Thursday, September 27, 2007

Creativity, Postcards, Love, and Thoughts



I had appetizers and a glass of wine with a coworker this evening. We explored what love and intimacy would be like for me. I have experienced them in the forms of friendship and familial love but the true deep intimacy of partnership, no.
Do I even know what that would like? Do I even really want to know?
I'm not sure.



Did you know that 80 percent of newly infected HIV cases are are heterosexual married and monagomous women? That's why the United States is supporting abstinence-only HIV programs.



Have I ever told you that it is because of you that I understand the words "Feminism" and "Social Justice?" By the age of 6, I already knew that I believed in both.





I cannot have how I want...
I can imagine what I've seen.
Then what I haven't. Although not easily, not quite without effort,...
Or only is so in my head where what has never can.
-Rebecca Brown



I went to see a play called "Birth" the other day. It was a bit like the Vagina Monologues except that it was about birth. A friend of mine was in it and I wanted to support her. The howling labor pains and the epistiotomy were hard for me to take. If I hadn't been in a middle seat, I wouldn't have been able to stay in my seat. I could much more easily listen to the fake orgasm sounds of the "Monologues."

Days earlier I had made a postcard with a picture of a Mayan woman giving birth. I had meant to write "nunca mas" but messed up and wrote "nada mas," "no more." "Nunca mas" means "never again" and was the name of Guatemala's Historical Memory project. As far as I am concerned, it also applies to childbirth. However in my case, it's just plain "nunca," "never."

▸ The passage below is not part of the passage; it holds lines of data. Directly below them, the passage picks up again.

(* Let $p\in\mathcal M_1^+$ with generating function $\psi(z)=\sum_{k\ge0}p_kz^k$, and let $\mathcal R_1(\psi)(z)=\sum_{k\ge0}\mathcal R_1(p)_kz^k$, where $\mathcal R_1(p)_i=\sum_{k,\ell\ge0,\ k+\ell\ge i}\frac{1+\min\{k,\ell,i,k+\ell-i\}}{(k+1)(\ell+1)}p_kp_\ell$. Then the radii of convergence satisfy $\rho(\mathcal R_1(\psi))\ge\rho(\psi)$.
   Context: $\mathcal M_1^+$ is the set of probability measures on $\mathbb N_0$, identified with nonnegative sequences summing to $1$. $\rho(f)$ denotes the radius of convergence of a power series $f$ around $0$. *)

From Stdlib Require Import Reals Arith.
From Coquelicot Require Import Coquelicot.
Open Scope R_scope.

(* p in M_1^+ : a probability measure on N_0, i.e. a nonnegative sequence summing to 1 *)
Definition prob_seq (p : nat -> R) : Prop :=
  (forall k, 0 <= p k) /\ is_series p 1.

Definition R1_term (p : nat -> R) (i k l : nat) : R :=
  if (i <=? k + l)%nat then
    (1 + INR (Nat.min (Nat.min k l) (Nat.min i (k + l - i)))) /
      (INR (k + 1) * INR (l + 1)) * p k * p l
  else 0.

(* R_1(p)_i (R1coef) = sum over k,l >= 0 with k + l >= i (nonnegative terms, iterated sum) *)
Definition R1coef (p : nat -> R) (i : nat) : R :=
  Series (fun k => Series (fun l => R1_term p i k l)).

From Stdlib Require Import Reals Lra Lia.
From Coquelicot Require Import Coquelicot.

(* The weight (1 + min{k, l, i, k+l-i}) / ((k+1)(l+1)) is at most 1, and the
   (k, l) term of R_1(p)_i vanishes unless i <= k + l.  Hence for r >= 1,
   r^i R_1(p)_i <= sum_{k,l} p_k r^k p_l r^l = psi(r)^2, so the coefficients of
   R_1(psi) times r^i stay bounded whenever psi(r) converges. *)

Lemma Series_ge_0 (a : nat -> R) :
  (forall n, 0 <= a n) -> ex_series a -> 0 <= Series a.
Proof.
  intros a_ge0 a_ex.
  rewrite <- (Rmult_0_l (Series a)), <- Series_scal_l.
  apply Series_le; [intros n; specialize (a_ge0 n); lra | exact a_ex].
Qed.

Lemma ex_series_le_ge_0 (a b : nat -> R) :
  (forall n, 0 <= a n <= b n) -> ex_series b -> ex_series a.
Proof.
  intros ab b_ex. apply (ex_series_le a b); [| exact b_ex].
  intros n. change (Rabs (a n) <= b n). rewrite Rabs_pos_eq; apply ab.
Qed.

Lemma Series_Series_le_mult (f : nat -> nat -> R) (a b : nat -> R) :
  (forall n, 0 <= a n) -> (forall n, 0 <= b n) -> ex_series a -> ex_series b ->
  (forall k l, 0 <= f k l <= a k * b l) ->
  0 <= Series (fun k => Series (f k)) <= Series a * Series b.
Proof.
  intros a_ge0 b_ge0 a_ex b_ex f_le.
  assert (inner : forall k, 0 <= Series (f k) <= a k * Series b).
  { intros k.
    assert (akb_ex : ex_series (fun l => a k * b l)) by exact (ex_series_scal_l _ _ b_ex).
    split.
    - apply Series_ge_0; [apply f_le | exact (ex_series_le_ge_0 _ _ (f_le k) akb_ex)].
    - rewrite <- Series_scal_l. apply Series_le; [apply f_le | exact akb_ex]. }
  assert (aSb_ex : ex_series (fun k => a k * Series b)) by exact (ex_series_scal_r _ _ a_ex).
  split.
  - apply Series_ge_0; [apply inner | exact (ex_series_le_ge_0 _ _ inner aSb_ex)].
  - rewrite <- Series_scal_r. apply Series_le; [apply inner | exact aSb_ex].
Qed.

Lemma R1_weight_le_1 (k l m : nat) :
  (m <= k)%nat -> 0 <= (1 + INR m) / (INR (k + 1) * INR (l + 1)) <= 1.
Proof.
  intros m_le_k. apply le_INR in m_le_k.
  assert (k_ge0 := pos_INR k). assert (l_ge0 := pos_INR l). assert (m_ge0 := pos_INR m).
  rewrite !plus_INR. simpl INR.
  split.
  - apply Rdiv_le_0_compat; nra.
  - apply Rmult_le_reg_r with ((INR k + 1) * (INR l + 1)); [nra |].
    unfold Rdiv. rewrite Rmult_assoc, Rinv_l by nra. nra.
Qed.

Lemma R1_term_le (p : nat -> R) (r : R) (i k l : nat) :
  (forall n, 0 <= p n) -> 1 <= r ->
  0 <= R1_term p i k l <= (/ r ^ i * (p k * r ^ k)) * (p l * r ^ l).
Proof.
  intros p_ge0 r_ge1.
  assert (pk_ge0 := p_ge0 k). assert (pl_ge0 := p_ge0 l).
  assert (ri_gt0 : 0 < r ^ i) by (apply pow_lt; lra).
  assert (rk_ge1 : 1 <= r ^ k) by (apply pow_R1_Rle; lra).
  assert (rl_ge1 : 1 <= r ^ l) by (apply pow_R1_Rle; lra).
  assert (bound_ge0 : 0 <= (/ r ^ i * (p k * r ^ k)) * (p l * r ^ l)).
  { apply Rmult_le_pos; [apply Rmult_le_pos |]; try apply Rlt_le, Rinv_0_lt_compat; nra. }
  unfold R1_term. destruct (Nat.leb_spec i (k + l)) as [i_le | i_gt]; [| lra].
  destruct (R1_weight_le_1 k l (Nat.min (Nat.min k l) (Nat.min i (k + l - i))))
    as [w_ge0 w_le1]; [lia |].
  set (w := (1 + _) / _) in w_ge0, w_le1 |- *.
  assert (ri_le : r ^ i <= r ^ k * r ^ l) by (rewrite <- pow_add; apply Rle_pow; auto).
  assert (pkl_le : p k * p l <= (/ r ^ i * (p k * r ^ k)) * (p l * r ^ l)).
  { apply (Rmult_le_reg_l (r ^ i)); [exact ri_gt0 |].
    replace (r ^ i * (/ r ^ i * (p k * r ^ k) * (p l * r ^ l)))
      with (p k * p l * (r ^ k * r ^ l)) by (field; lra).
    rewrite (Rmult_comm (r ^ i)). apply Rmult_le_compat_l; nra. }
  assert (pkl_ge0 : 0 <= p k * p l) by nra.
  assert (weighted : 0 <= w * (p k * p l) <= p k * p l) by (split; nra).
  rewrite Rmult_assoc. lra.
Qed.

Lemma R1coef_mul_pow_le (p : nat -> R) (r : R) (i : nat) :
  (forall n, 0 <= p n) -> 1 <= r -> ex_series (fun k => p k * r ^ k) ->
  0 <= R1coef p i * r ^ i <= Series (fun k => p k * r ^ k) ^ 2.
Proof.
  intros p_ge0 r_ge1 psi_r_ex.
  assert (ri_gt0 : 0 < r ^ i) by (apply pow_lt; lra).
  assert (terms_ge0 : forall k, 0 <= p k * r ^ k)
    by (intros k; apply Rmult_le_pos; [auto | apply pow_le; lra]).
  destruct (Series_Series_le_mult (R1_term p i) (fun k => / r ^ i * (p k * r ^ k))
              (fun k => p k * r ^ k)) as [coef_ge0 coef_le]; auto.
  - intros k. apply Rmult_le_pos; [apply Rlt_le, Rinv_0_lt_compat; lra | auto].
  - exact (ex_series_scal_l (/ r ^ i) _ psi_r_ex).
  - intros k l. exact (R1_term_le p r i k l p_ge0 r_ge1).
  - change (Series (fun k => Series (R1_term p i k))) with (R1coef p i)
      in coef_ge0, coef_le.
    rewrite Series_scal_l in coef_le.
    set (psi_r := Series (fun k => p k * r ^ k)) in coef_le |- *.
    split; [nra |].
    apply (Rmult_le_compat_r (r ^ i)) in coef_le; [| lra].
    replace (/ r ^ i * psi_r * psi_r * r ^ i) with (psi_r ^ 2) in coef_le by (field; lra).
    exact coef_le.
Qed.

Lemma CV_radius_R1coef_ge (p : nat -> R) (r : R) :
  (forall n, 0 <= p n) -> 1 <= r -> ex_series (fun k => p k * r ^ k) ->
  Rbar_le r (CV_radius (R1coef p)).
Proof.
  intros p_ge0 r_ge1 psi_r_ex.
  apply (proj1 (CV_radius_bounded (R1coef p))).
  exists (Series (fun k => p k * r ^ k) ^ 2). intros n.
  destruct (R1coef_mul_pow_le p r n p_ge0 r_ge1 psi_r_ex) as [coef_ge0 coef_le].
  rewrite Rabs_pos_eq; assumption.
Qed.

Lemma Rbar_le_of_lt_le (a b : Rbar) :
  (forall x : R, Rbar_lt x a -> Rbar_le x b) -> Rbar_le a b.
Proof.
  intros lt_le. destruct (Rbar_le_lt_dec a b) as [a_le_b | b_lt_a]; [exact a_le_b |].
  exfalso. destruct a as [z | |], b as [y | |]; simpl in b_lt_a; try contradiction.
  - specialize (lt_le ((y + z) / 2)). simpl in lt_le. lra.
  - specialize (lt_le (z - 1)). simpl in lt_le. apply lt_le. lra.
  - specialize (lt_le (y + 1)). simpl in lt_le. lra.
  - exact (lt_le 0 I).
Qed.

Theorem lemma7 (p : nat -> R) (hp : prob_seq p) :
  Rbar_le (CV_radius p) (CV_radius (R1coef p)).
Proof.
  destruct hp as [p_ge0 p_sum].
  apply Rbar_le_of_lt_le. intros x x_lt.
  destruct (Rle_lt_dec x 1) as [x_le1 | x_gt1].
  - apply Rbar_le_trans with (Finite 1); [exact x_le1 |].
    apply CV_radius_R1coef_ge; [exact p_ge0 | lra |].
    apply (ex_series_ext p); [| exists 1; exact p_sum].
    intros n. rewrite pow1, Rmult_1_r. reflexivity.
  - apply CV_radius_R1coef_ge; [exact p_ge0 | lra |].
    apply ex_series_Rabs, CV_disk_inside.
    rewrite Rabs_pos_eq by lra. exact x_lt.
Qed.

And another "thank you" to Wendy...

2 comments:

Wendy said...

This is a beautiful post, M, for many reasons...your art, your words, your truth.

Yes, the howling of labor, well put, dear M. When I gave birth to Satch I felt like an animal...a human animal. It both was earthy, and otherworldly. I howled, oh yes I howled. I gave my body permission to do what it knows and I trusted that my body knew what it was doing because my mind sure didn't. The howling was a release of something so intense that it defies description, a sensation so consuming that it literally drove me to my knees. It was as if nature itself was saying, "Mother, you are about to experience the miraculous...a new life is about to come through you...something that monumental is going to be intense...it has to be so you'll remember it". There were many times in those loooong twelve hours that I thought I would not survive, that I was a fool to think I could do it. I howled and the world split in two. Giving birth made me fall in love with my female body, it made me realize that the female body is like a doorway to this world. Never have I felt so exhausted, never have I felt so powerful.

For me once is enough...Nunca Mas!

There are many different intimacies to experience, many different loves...may you experience all that you seek and feel full.

I adore you,
W

margaret said...

Wendy,
Even reading your post made me queezy. Call me a coward but I would rather go to a war zone than give birth. I do have a huge appreciation for women that do though. Such a connection to one's body to the essential of what is life.